## DATA TO PROCESS
(* Consider a convex resource theory closed under tensor products in the sense that $\sigma\in\mathcal F\Rightarrow\sigma^{\otimes n}\in\mathcal F$ for all $n$. Let $\rho$ be a state, $\phi$ a pure state not in $\mathcal F$ (of the output space), $\varepsilon\in(0,1)$, and $n\in\mathbb N$. If there exists a probabilistic resource--non-generating transformation $\rho^{\otimes n}\to\tau$ where $\tau$ is a state with $F(\tau,\phi)\ge1-\varepsilon$, then $n\ge\log_{\Omega_{\mathcal F}(\rho)}\frac{(1-\varepsilon)(1-F_{\mathcal F}(\phi))}{\varepsilon F_{\mathcal F}(\phi)}$.
   Context: Finite dimensions; $A\le B$ means $B-A\ge0$. Each space carries a closed convex set $\mathcal F$ of free density operators. $R_{\max}(X\|Y)=\inf\{\lambda:X\le\lambda Y\}$, $\inf\emptyset=\infty$; $\Omega_{\mathcal F}(\rho)=\inf_{\sigma\in\mathcal F}R_{\max}(\rho\|\sigma)R_{\max}(\sigma\|\rho)$. $F_{\mathcal F}(\phi)=\max_{\sigma\in\mathcal F}\langle\phi|\sigma|\phi\rangle$. Fidelity $F(\rho,\sigma)=\|\sqrt\rho\sqrt\sigma\|_1^2$. $\mathbb O$: completely positive trace-non-increasing maps $\mathcal E$ such that for every free input $\sigma$ there exist a free output $\sigma'$ and $p\in[0,1]$ with $\mathcal E(\sigma)=p\sigma'$. A probabilistic transformation $\omega\to\tau$ exists iff $\tau$ lies in the closure of $\{\mathcal E(\omega)/\mathrm{Tr}\,\mathcal E(\omega):\mathcal E\in\mathbb O,\ \mathrm{Tr}\,\mathcal E(\omega)>0\}$. *)

From HB Require Import structures.
From Stdlib Require Import ClassicalEpsilon.
From mathcomp Require Import all_boot all_order all_algebra.
From mathcomp Require Import all_classical all_reals all_analysis.
From mathcomp.real_closed Require Import complex mxtens.
Set Implicit Arguments. Unset Strict Implicit. Unset Printing Implicit Defensive.
Import Order.TTheory GRing.Theory Num.Theory numFieldNormedType.Exports.
Local Open Scope ring_scope.
Local Open Scope classical_set_scope.

Section QRT.
Variable R : realType.
Local Notation C := R[i].

Definition rC (x : R) : C := real_complex R x.

Definition adjmx {m n} (A : 'M[C]_(m, n)) : 'M[C]_(n, m) := (map_mx Num.conj A)^T.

## BRIEF
Starting at the line that contains "From mathcomp Require Import all_classical", print every line through the last one of the records, exactly and with nothing else.

## RESPONSE
From mathcomp Require Import all_classical all_reals all_analysis.
From mathcomp.real_closed Require Import complex mxtens.
Set Implicit Arguments. Unset Strict Implicit. Unset Printing Implicit Defensive.
Import Order.TTheory GRing.Theory Num.Theory numFieldNormedType.Exports.
Local Open Scope ring_scope.
Local Open Scope classical_set_scope.

Section QRT.
Variable R : realType.
Local Notation C := R[i].

Definition rC (x : R) : C := real_complex R x.

Definition adjmx {m n} (A : 'M[C]_(m, n)) : 'M[C]_(n, m) := (map_mx Num.conj A)^T.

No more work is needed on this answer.